- Abbreviation: PCB
- Classification: Reformed Protestant
- Orientation: Evangelical Reformed
- Theology: conservative Calvinist
- Governance: Presbyterian
- Associations: Belize Presbyterian Theological Seminary ; Presbyterian Church in America (PCA); Mission to the World; National Presbyterian Church in Mexico;
- Region: Belize
- Origin: 1987 Belize

= Presbyterian Church of Belize =

The Presbyterian Church of Belize (PCB) is a Protestant church in the Reformed tradition. It has a number of locations in the country. It also operates a medical clinic, a high school, primary education schools, and preschools

== History ==
The oldest Presbyterian church in Belize is St Andrew's Presbyterian Church in Belize City, which was established in 1850 by Scottish settlers with public financial support.
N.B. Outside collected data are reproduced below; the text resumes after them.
(* Let $\mathbf t$ be a hyper-term, $P$ a hyper-assertion and $Q$ a post hyper-assertion, with $\mathrm{pvar}(P)\cap\mathrm{mods}(\mathbf t)=\emptyset$. Then $$\mathrm{proj}(\mathbf t)\wedge\mathrm{wp}\,\mathbf t\,\{\lambda\mathbf r.\ Q(\mathbf r)\Rightarrow P\}\ \vdash\ \big(\mathrm{wp}\,\mathbf t\,\{Q\}\Rightarrow P\big).$$
   Context: Setting. $\mathrm{Val}=\mathbb{Z}$; $\mathrm{PVar}$ is a countably infinite set of program variables; a store is a function $s:\mathrm{PVar}\to\mathrm{Val}$; indices are $\mathrm{Idx}=\mathbb{N}$. Terms of a first-order imperative language are generated by $t ::= v \mid x \mid * \mid t\oplus t \mid \mathtt{skip}\mid x:=t \mid t;t \mid \mathtt{if}\ t\ \mathtt{then}\ t\ \mathtt{else}\ t \mid \mathtt{while}\ t\ \mathtt{do}\ t$, with a nondeterministic big-step semantics $t,s\Downarrow v,s'$ ($t$ run from store $s$ may terminate with return value $v$ and final store $s'$; $*$ returns an arbitrary integer). A hyper-term $\mathbf t$ is a finitely supported partial function from $\mathrm{Idx}$ to terms, with support $\mathrm{supp}(\mathbf t)$; a hyper-store is a total function $\mathbf s:\mathrm{Idx}\to\mathrm{Store}$; a hyper-return-value is a finitely supported partial function $\mathbf v:\mathrm{Idx}\rightharpoonup\mathrm{Val}$. $\mathbf t,\mathbf s\Downarrow\mathbf v,\mathbf s'$ holds iff for every $i\in\mathrm{supp}(\mathbf t)$, $\mathbf t(i),\mathbf s(i)\Downarrow\mathbf v(i),\mathbf s'(i)$, and for every $i\notin\mathrm{supp}(\mathbf t)$, $\mathbf s'(i)=\mathbf s(i)$ and $\mathbf v(i)$ is undefined. A hyper-assertion is a predicate on hyper-stores; a post hyper-assertion is an upward-closed map $Q$ from hyper-return-values to hyper-assertions (if $Q(\mathbf v)(\mathbf s)$ and $\mathbf v'$ agrees with $\mathbf v$ on $\mathrm{supp}(\mathbf v)$ then $Q(\mathbf v')(\mathbf s)$). Connectives are pointwise. Entailment $P\vdash R$ means $\forall\mathbf s.\ P(\mathbf s)\Rightarrow R(\mathbf s)$. $\mathrm{wp}\,\mathbf t\,\{Q\}(\mathbf s):\iff\forall\mathbf v,\mathbf s'.\ (\mathbf t,\mathbf s\Downarrow\mathbf v,\mathbf s')\Rightarrow Q(\mathbf v)(\mathbf s')$. Variables. $\mathrm{mods}(t)$ is the set of program variables assigned (occurring on the left of $:=$) in $t$; $\mathrm{mods}(\mathbf t)=\{(x,i)\mid i\in\mathrm{supp}(\mathbf t),\ x\in\mathrm{mods}(\mathbf t(i))\}$. $\mathrm{pvar}(P)=\{(x,i)\in\mathrm{PVar}\times\mathrm{Idx}\mid \exists\mathbf s,v.\ P(\mathbf s)\not\Leftrightarrow P(\mathbf s[i:\mathbf s(i)[x:v]])\}$. Projectability. $\mathrm{proj}(\mathbf t)(\mathbf s):\iff\exists\mathbf v,\mathbf s'.\ \mathbf t,\mathbf s\Downarrow\mathbf v,\mathbf s'$. *)

From Stdlib Require Import ZArith List.
Import ListNotations.
Open Scope Z_scope.

Definition Val := Z.
Definition PVar := nat.
Definition Store := PVar -> Val.
Definition Idx := nat.

Definition upd (s : Store) (x : PVar) (v : Val) : Store :=
  fun y => if Nat.eqb y x then v else s y.

(* Terms; the binary operator symbol (+) is given by its interpretation. *)
Inductive term : Type :=
| TVal : Val -> term
| TVar : PVar -> term
| TStar : term
| TBin : (Val -> Val -> Val) -> term -> term -> term
| TSkip : term
| TAssign : PVar -> term -> term
| TSeq : term -> term -> term
| TIf : term -> term -> term -> term
| TWhile : term -> term -> term.

(* Conventions: a condition is true iff its value is nonzero; skip and while
   return 0; assignment returns the assigned value; t1;t2 returns the value of t2. *)
Inductive eval : term -> Store -> Val -> Store -> Prop :=
| E_Val : forall v s, eval (TVal v) s v s
| E_Var : forall x s, eval (TVar x) s (s x) s
| E_Star : forall v s, eval TStar s v s
| E_Bin : forall op t1 t2 s s1 s2 v1 v2,
    eval t1 s v1 s1 -> eval t2 s1 v2 s2 -> eval (TBin op t1 t2) s (op v1 v2) s2
| E_Skip : forall s, eval TSkip s 0 s
| E_Assign : forall x t s v s1,
    eval t s v s1 -> eval (TAssign x t) s v (upd s1 x v)
| E_Seq : forall t1 t2 s s1 s2 v1 v2,
    eval t1 s v1 s1 -> eval t2 s1 v2 s2 -> eval (TSeq t1 t2) s v2 s2
| E_IfT : forall b t1 t2 s s1 vb v s2,
    eval b s vb s1 -> vb <> 0 -> eval t1 s1 v s2 -> eval (TIf b t1 t2) s v s2
| E_IfF : forall b t1 t2 s s1 v s2,
    eval b s 0 s1 -> eval t2 s1 v s2 -> eval (TIf b t1 t2) s v s2
| E_WhileT : forall b c s s1 vb vc s2 v s3,
    eval b s vb s1 -> vb <> 0 -> eval c s1 vc s2 ->
    eval (TWhile b c) s2 v s3 -> eval (TWhile b c) s v s3
| E_WhileF : forall b c s s1,
    eval b s 0 s1 -> eval (TWhile b c) s 0 s1.

Fixpoint mods (t : term) : list PVar :=
  match t with
  | TVal _ | TVar _ | TStar | TSkip => []
  | TBin _ t1 t2 | TSeq t1 t2 | TWhile t1 t2 => mods t1 ++ mods t2
  | TAssign x t1 => x :: mods t1
  | TIf b t1 t2 => mods b ++ mods t1 ++ mods t2
  end.

Definition fin_supp {A : Type} (f : Idx -> option A) : Prop :=
  exists N : nat, forall i : nat, (N <= i)%nat -> f i = None.

Definition hterm := { f : Idx -> option term | fin_supp f }.
Definition hterm_fun (t : hterm) : Idx -> option term := proj1_sig t.
Coercion hterm_fun : hterm >-> Funclass.

Definition hstore := Idx -> Store.
Definition hval := Idx -> option Val.

Definition hassn := hstore -> Prop.
Definition post := hval -> hassn.

Definition upward_closed (Q : post) : Prop :=
  forall (v v' : hval), fin_supp v -> fin_supp v' ->
    (forall i a, v i = Some a -> v' i = Some a) ->
    forall s, Q v s -> Q v' s.

Definition heval (t : hterm) (s : hstore) (v : hval) (s' : hstore) : Prop :=
  forall i : Idx,
    match t i with
    | Some ti => exists vi, v i = Some vi /\ eval ti (s i) vi (s' i)
    | None => s' i = s i /\ v i = None
    end.

Definition hmods (t : hterm) (x : PVar) (i : Idx) : Prop :=
  exists ti, t i = Some ti /\ In x (mods ti).

Definition hupd (s : hstore) (i : Idx) (x : PVar) (v : Val) : hstore :=
  fun j => if Nat.eqb j i then upd (s i) x v else s j.

Definition pvar (P : hassn) (x : PVar) (i : Idx) : Prop :=
  exists (s : hstore) (v : Val), ~ (P s <-> P (hupd s i x v)).

Definition wp (t : hterm) (Q : post) : hassn :=
  fun s => forall v s', heval t s v s' -> Q v s'.

Definition proj (t : hterm) : hassn :=
  fun s => exists v s', heval t s v s'.

Definition entails (P R : hassn) : Prop := forall s, P s -> R s.

From Stdlib Require Import List Arith Lia FunctionalExtensionality Classical.
Import ListNotations.

(* Take any run of [t] from [s] to [s']; it exists by projectability.  The run
   satisfies [Q], so the weakest precondition of [Q => P] yields [P s'].  A run
   changes only variables in [mods t], of which there are finitely many because
   [t] has finite support, and [P] depends on none of them; changing them back
   one at a time turns [P s'] into [P s]. *)

Lemma eval_frame t s v s' :
  eval t s v s' -> forall y, ~ In y (mods t) -> s' y = s y.
Proof.
  induction 1; intros y Hy; simpl in Hy; rewrite ?in_app_iff in Hy;
    repeat match goal with
           | IH : forall y, ~ In y _ -> _ |- _ => rewrite IH by tauto; clear IH
           end; auto.
  - unfold upd; destruct (Nat.eqb_spec y x) as [-> | _]; [tauto|].
    apply IHeval; tauto.
  - rewrite IHeval3, IHeval2, IHeval1; simpl; rewrite ?in_app_iff; tauto.
Qed.

Lemma heval_frame t s v s' :
  heval t s v s' -> forall i y, ~ hmods t y i -> s' i y = s i y.
Proof.
  intros Hev i y Hy; specialize (Hev i).
  destruct (t i) as [ti|] eqn:Eti.
  - destruct Hev as [vi [_ Hi]]; apply (eval_frame _ _ _ _ Hi).
    intro Hin; apply Hy; now exists ti.
  - now destruct Hev as [-> _].
Qed.

Lemma hmods_finite (t : hterm) :
  exists D : list (Idx * PVar), forall i y, In (i, y) D <-> hmods t y i.
Proof.
  destruct t as [f [N HN]].
  exists (flat_map (fun i => match f i with
                             | Some ti => map (pair i) (mods ti)
                             | None => []
                             end) (seq 0 N)).
  intros i y; unfold hmods, hterm_fun; simpl; rewrite in_flat_map; split.
  - intros [j [_ Hj]]; destruct (f j) as [tj|] eqn:Etj; [|destruct Hj].
    apply in_map_iff in Hj as [z [Ezy Hz]]; injection Ezy as -> ->.
    now exists tj.
  - intros [ti [Eti Hy]]; exists i; split.
    + apply in_seq; split; [lia|].
      destruct (Nat.lt_ge_cases i N) as [|HiN]; [lia|].
      now rewrite HN in Eti.
    + rewrite Eti; now apply in_map.
Qed.

Lemma not_pvar_hupd P x i s v :
  ~ pvar P x i -> (P s <-> P (hupd s i x v)).
Proof.
  intro HP; apply NNPP; intro Hc; apply HP; now exists s, v.
Qed.

Lemma hassn_iff_agree_off (P : hassn) (D : list (Idx * PVar)) :
  (forall i y, In (i, y) D -> ~ pvar P y i) ->
  forall s s', (forall i y, ~ In (i, y) D -> s' i y = s i y) -> (P s <-> P s').
Proof.
  induction D as [|[i x] D IH]; intros Hindep s s' Hagree.
  - replace s' with s; [tauto|].
    extensionality j; extensionality y; symmetry; now apply Hagree.
  - rewrite (not_pvar_hupd P x i s (s' i x)) by (apply Hindep; now left).
    apply IH; [intros; apply Hindep; now right|].
    intros j y Hjy; unfold hupd, upd.
    destruct (Nat.eqb_spec j i) as [-> | Hji].
    + destruct (Nat.eqb_spec y x) as [-> | Hyx]; [reflexivity|].
      apply Hagree; intros [E | H]; [congruence | tauto].
    + apply Hagree; intros [E | H]; [congruence | tauto].
Qed.

Theorem mainTheorem4 (t : hterm) (P : hassn) (Q : post) :
  upward_closed Q ->
  (forall x i, pvar P x i -> hmods t x i -> False) ->
  entails
    (fun s => proj t s /\ wp t (fun r s' => Q r s' -> P s') s)
    (fun s => wp t Q s -> P s).
Proof.
  intros _ Hdisj s [[v [s' Hev]] Hwp] HQ.
  assert (HPs' : P s') by apply (Hwp v s' Hev), HQ, Hev.
  destruct (hmods_finite t) as [D HD].
  apply (hassn_iff_agree_off P D) with (s' := s'); [| |exact HPs'].
  - intros i y Hin Hp; apply (Hdisj y i Hp), HD, Hin.
  - intros i y Hy; apply (heval_frame t s v s' Hev); now rewrite <- HD.
Qed.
Its reach was limited largely to the European population of Belize City; but in 1958, Presbyterian missionary Don Manuel Beltran was sent by the National Presbyterian Church in Mexico to work with Maya speakers in Belize. He gradually attracted congregations in Cristo Rey, San José, Patchakan, San Victor and Concepcion. St. Andrew's Presbyterian Church joined with Mayan and Spanish-speaking congregations and formed the national Presbyterian church of Belize in 1987, with support from the Presbyterian Church in America's "Mission to the World." A ministry among Belize's Chinese population was established in 1988.

== Churches ==
===St. Andrew's Presbyterian Church ===
St. Andrew's was originally affiliated with the Free Church of Scotland and the first pastor served for almost 25 years. During the early years of the 20th century, the church was only open intermittently. At times it was administered by other branches of the Protestant church and at times considered merging with the Methodists and Anglicans. The church maintained its Presbyterian heritage, however, in spite of the pressure to merge.

===Unity Presbyterian Church===
Unity Presbyterian Church was built to establish a church in a poor area of Belize City that was struck hard by a hurricane in 2000 which caused severe flooding in the area. The church received assistance from charitable organisations.

=== Today ===
There are 17 churches and church plants in the country today.

== Seminary and education ==
Belize Presbyterian Theological Seminary was founded in 2004 to train pastors. Classes are held in English, which is the official language of Belize. The students are Mayan, Chinese, and Creole who study over a period of three years.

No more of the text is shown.